Ce qui nous amène à aborder un dernier point : Still Life ne conviendra pas à tout le monde.
Amateurs de grandes histoires et d'énigmes mécaniques parfois tirées par les cheveux (que celui qui
a dit Myst se dénonce !), ce jeu est fait pour vous. Quant aux autres, si vous ne voyez pas
d'inconvénients à demeurer autant spectateur qu'acteur, et à passer de longues minutes, voire parfois
une heure, à comprendre le fonctionnement d'une énigme, si le fait d'obtenir des indices pour
simplement avancer plus loin dans une histoire ne vous rebute pas trop, vous pouvez tenter votre
chance... Au risque de voir le pad vous tomber des mains.
Un film dont vous êtes le héros
On entend souvent parler de film ou de musique d'ambiance. Les jeux entrant de plein fouet dans le
mass' entertainment du XXIème siècle, il faudra dorénavant parler également du jeu d'ambiance. Et
Still Life en fait partie.
Passé l'effort d'accepter un gameplay parfois contraignant ou d'une austérité confinant à la pauvreté,
Still Life apporte son lot d'émotions cinématographique, notamment lors des cinématiques, souvent
remarquablement mises en scène.
Ce nouveau jeu signé par Microïds vise un public clairement mature, autant par la violence montrée,
même si elle n'est pas jouée, que par son aspect contemplatif et certains dialogues, plantant une
ambiance riche et des personnages aux backgrounds luxueusement détaillés.

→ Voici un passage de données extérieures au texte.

(* Let $\mathcal{L}$ be a finite relational language, $K$ a Fraïssé class of finite $\mathcal{L}$-structures with the Strong Amalgamation Property, and $T$ the theory of its Fraïssé limit. If $T$ is geometric and satisfies $\mathrm{acl}(X)=X$ for every subset $X$ of every model of $T$, then $T_{pfc}$ is geometric and also satisfies $\mathrm{acl}(X)=X$ for every subset $X$ of every model of $T_{pfc}$.
   Context: A (possibly many-sorted) complete theory is geometric if it eliminates $\exists^\infty$ (for each formula $\varphi(x,y)$ with $x$ a single variable of some sort, there is $N$ such that each instance $\varphi(x,b)$ is infinite or has at most $N$ solutions) and acl satisfies exchange. $K$ has SAP if for all $A,B,C\in K$ and embeddings $e:A\to B$, $f:A\to C$ there are $D\in K$ and embeddings $g:B\to D$, $h:C\to D$ with $ge=hf$ and $\mathrm{im}(g)\cap\mathrm{im}(h)=\mathrm{im}(ge)$. If $\mathcal{L}=(R_i:i<k)$ with $R_i$ of arity $n_i$, $\mathcal{L}_{pfc}$ is the two-sorted language with sorts $O,P$ and relation symbols $R^i_x(x,y_1,\dots,y_{n_i})$, $x$ of sort $P$, $y_j$ of sort $O$. For an $\mathcal{L}_{pfc}$-structure $(A,B)$ and $b\in B$, $A_b$ is the $\mathcal{L}$-structure on $A$ with $R_i$ interpreted as $\{\bar y:R^i(b,\bar y)\}$. $K_{pfc}$ is the class of finite $\mathcal{L}_{pfc}$-structures $(A,B)$ with each $A_b$ isomorphic to a member of $K$; it is a SAP Fraïssé class, and $T_{pfc}$ is the theory of its Fraïssé limit. *)

From Stdlib Require Import List Arith PeanoNat.
Import ListNotations.
Set Implicit Arguments.

Record signature := Signature {
  sort : Type;
  rel : Type;
  rsorts : rel -> list sort
}.

(* A many-sorted structure is presented as the disjoint union of its sorts:
   a carrier [dom] with a sort map [srt]. *)
Record structure (S : signature) := Structure {
  dom : Type;
  srt : dom -> sort S;
  interp : rel S -> list dom -> Prop
}.
Arguments dom {S} _.
Arguments srt {S} _ _.
Arguments interp {S} _ _ _.

Definition wellsorted {S} (M : structure S) : Prop :=
  forall r l, interp M r l -> map (srt M) l = rsorts S r.

Definition finite_type (T : Type) : Prop := exists l : list T, forall x, In x l.
Definition finite_set {T : Type} (P : T -> Prop) : Prop :=
  exists l : list T, forall x, P x -> In x l.
Definition at_most {T : Type} (n : nat) (P : T -> Prop) : Prop :=
  exists l : list T, length l <= n /\ forall x, P x -> In x l.

Definition finite_str {S} (M : structure S) : Prop := finite_type (dom M).

Definition is_emb {S} (A B : structure S) (f : dom A -> dom B) : Prop :=
  (forall x y, f x = f y -> x = y) /\
  (forall a, srt B (f a) = srt A a) /\
  (forall r l, interp A r l <-> interp B r (map f l)).

Definition embeds {S} (A B : structure S) : Prop := exists f, is_emb A B f.

Definition str_class (S : signature) := structure S -> Prop.

Definition HP {S} (K : str_class S) : Prop :=
  forall A B, embeds A B -> K B -> K A.
Definition JEP {S} (K : str_class S) : Prop :=
  forall A B, K A -> K B -> exists C, K C /\ embeds A C /\ embeds B C.
Definition AP {S} (K : str_class S) : Prop :=
  forall (A B C : structure S) (e : dom A -> dom B) (f : dom A -> dom C),
    K A -> K B -> K C -> is_emb A B e -> is_emb A C f ->
    exists (D : structure S) (g : dom B -> dom D) (h : dom C -> dom D),
      K D /\ is_emb B D g /\ is_emb C D h /\ (forall a, g (e a) = h (f a)).
Definition SAP {S} (K : str_class S) : Prop :=
  forall (A B C : structure S) (e : dom A -> dom B) (f : dom A -> dom C),
    K A -> K B -> K C -> is_emb A B e -> is_emb A C f ->
    exists (D : structure S) (g : dom B -> dom D) (h : dom C -> dom D),
      K D /\ is_emb B D g /\ is_emb C D h /\ (forall a, g (e a) = h (f a)) /\
      (forall d, (exists b, g b = d) -> (exists c, h c = d) ->
                 exists a, g (e a) = d).

(* Fraisse class of finite S-structures (closure under isomorphism is
   included in HP, since isomorphisms are embeddings; countably many
   isomorphism types is automatic for a finite relational language). *)
Definition fraisse_class {S} (K : str_class S) : Prop :=
  (exists A, K A) /\
  (forall A, K A -> finite_str A /\ wellsorted A) /\
  HP K /\ JEP K /\ AP K.

Definition fraisse_limit {S} (K : str_class S) (M : structure S) : Prop :=
  wellsorted M /\
  (exists c : dom M -> nat, forall x y, c x = c y -> x = y) /\
  (forall A, K A <-> (finite_str A /\ wellsorted A /\ embeds A M)) /\
  (forall (A : structure S) (f g : dom A -> dom M),
     finite_str A -> is_emb A M f -> is_emb A M g ->
     exists h : dom M -> dom M,
       is_emb M M h /\ (forall y, exists x, h x = y) /\
       forall a, h (f a) = g a).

La dualité voulue de la narration, partagée entre l'aventure de Victoria et le récit de son grand-père,
maintient parfois à distance le joueur, renforcé dans son rôle de spectateur s'il ne choisit pas de
s'investir, à chaque fois que le jeu l'ordonne, dans l'un ou l'autre des protagonistes. Cette directivité
propre au Point and Click est probablement l'un des principaux obstacles à l'immersion, et il faut
accepter de ne pas réellement mener l'enquête, mais au contraire de se faire mener par le scénario,
chaque énigme étant un pas supplémentaire vers une fin... Impressionnante.

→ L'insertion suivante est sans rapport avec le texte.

Lemma card_separating_odd_le (A : {set T}) : odd #|T| -> #|A| = #|T|./2 ->
  #|separating A| <= uphalf #|T| * #|'N_G(A | 'P)|.
Proof.
move=> odd_T cardA; rewrite card_in_set_sum -(card_compl_half cardA) -sum_nat_const.
apply: (@leq_trans (\sum_(g in G) \sum_(x in ~: A) ([set g y | y in A] == ~: A :\ x))).
  apply: leq_sum => g _; case: (boolP (separates g A)) => // sepgA.
  by have [x xA gAE] := separates_odd_gap odd_T cardA sepgA; rewrite (bigD1 x) //= gAE eqxx.
rewrite exchange_big /=; apply: leq_sum => x _.
by rewrite -card_in_set_sum card_transporters_le.
Qed.

End SetStabilisers.

Unset Implicit Arguments.
Local Open Scope group_scope.

Theorem lemma7p3 (T : finType) (G : {group {perm T}}) :
  2 <= #|T| ->
  [transitive G, on [set: T] | 'P] ->
  mG G = uphalf (#|T|.+1) ->
  (~~ odd #|T| ->
     rG G * #|G| = \sum_(A in ksubsets T (#|T|./2)) #|'N_G(A | 'P)|
     /\ \sum_(A in ksubsets T (#|T|./2)) #|'N_G(A | 'P)|
        = \sum_(g in O_set G 0) 2 ^ ncycles g)%N
  /\
  (odd #|T| ->
     rG G * #|G| = \sum_(A in ksubsets T (#|T|./2)) #|'N_G(A | 'P)|
     /\ \sum_(A in ksubsets T (#|T|./2)) #|'N_G(A | 'P)|
        <= \sum_(g in O_set G 1) 2 ^ (ncycles g - 1) * ell g
     /\ \sum_(g in O_set G 1) 2 ^ (ncycles g - 1) * ell g
        <= uphalf #|T| * \sum_(A in ksubsets T (#|T|./2)) #|'N_G(A | 'P)|
     /\ uphalf #|T| * \sum_(A in ksubsets T (#|T|./2)) #|'N_G(A | 'P)|
        = uphalf #|T| * (rG G * #|G|))%N.
Proof.
move=> _ _ mG_eq; set K := ksubsets T #|T|./2.
have rG_eq : (rG G * #|G| = \sum_(A in K) #|'N_G(A | 'P)|)%N by rewrite sum_card_setstab.
have cardK A : A \in K -> #|A| = #|T|./2 by rewrite inE => /eqP.
have sepK A : A \in K -> self_separable G A.
  by move=> /cardK cardA; apply: self_separable_card_lt; rewrite mG_eq cardA.
have sum_O i F :
    \sum_(g in O_set G i) F g = \sum_(g in G) (if #|odd_cycles g| <= i then F g else 0).
  by rewrite big_set big_mkcondr.
split=> [even_T | odd_T]; split=> //.
  rewrite -(eq_bigr _ (fun A KA => card_separating_even even_T (cardK A KA) (sepK A KA))).
  rewrite sum_card_separating sum_O; apply: eq_bigr => g _.
  by rewrite card_separated_even // leqn0 cards_eq0.
have sum_O1 : (\sum_(g in O_set G 1) 2 ^ (ncycles g - 1) * ell g
                = \sum_(A in K) #|separating G A|)%N.
  by rewrite sum_card_separating sum_O; apply: eq_bigr => g _; rewrite card_separated_odd.
rewrite sum_O1 rG_eq; split; last split=> //.
  by apply: leq_sum => A KA; apply: stab_leq_card_separating; apply: sepK.
rewrite big_distrr; apply: leq_sum => A KA.
by apply: card_separating_odd_le => //; apply: cardK.
Qed.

En prenant un peu de recul, Still Life apparaît comme un jeu pourvu d'un charme certain. Un jeu
également déséquilibré, entre ses dialogues parfois surjoués et pourtant violents, ses décors
réalistes fourmillant de détails et des personnages taillés à la serpe. L'ensemble donne au gameplay
un aspect artisanal, mais au final attachant. On peut regretter enfin une maniabilité imparfaite qui fait
écho à l'ergonomie critiquable de l'inventaire, et quelques ficelles un peu vieillottes, comme le fait que
certains évènements soient uniquement déclenchés par une séquence d'actions faites dans le bon
ordre... Still Life demeure cependant un excellent jeu, à jauger à l'aune de ses pairs. Un jeu
d'aventure à l'ancienne, au scénario riche mais imposé, doté d'une poésie tracée aux limites de la
réalité et du paranormal, bien loin des énormes productions américaines.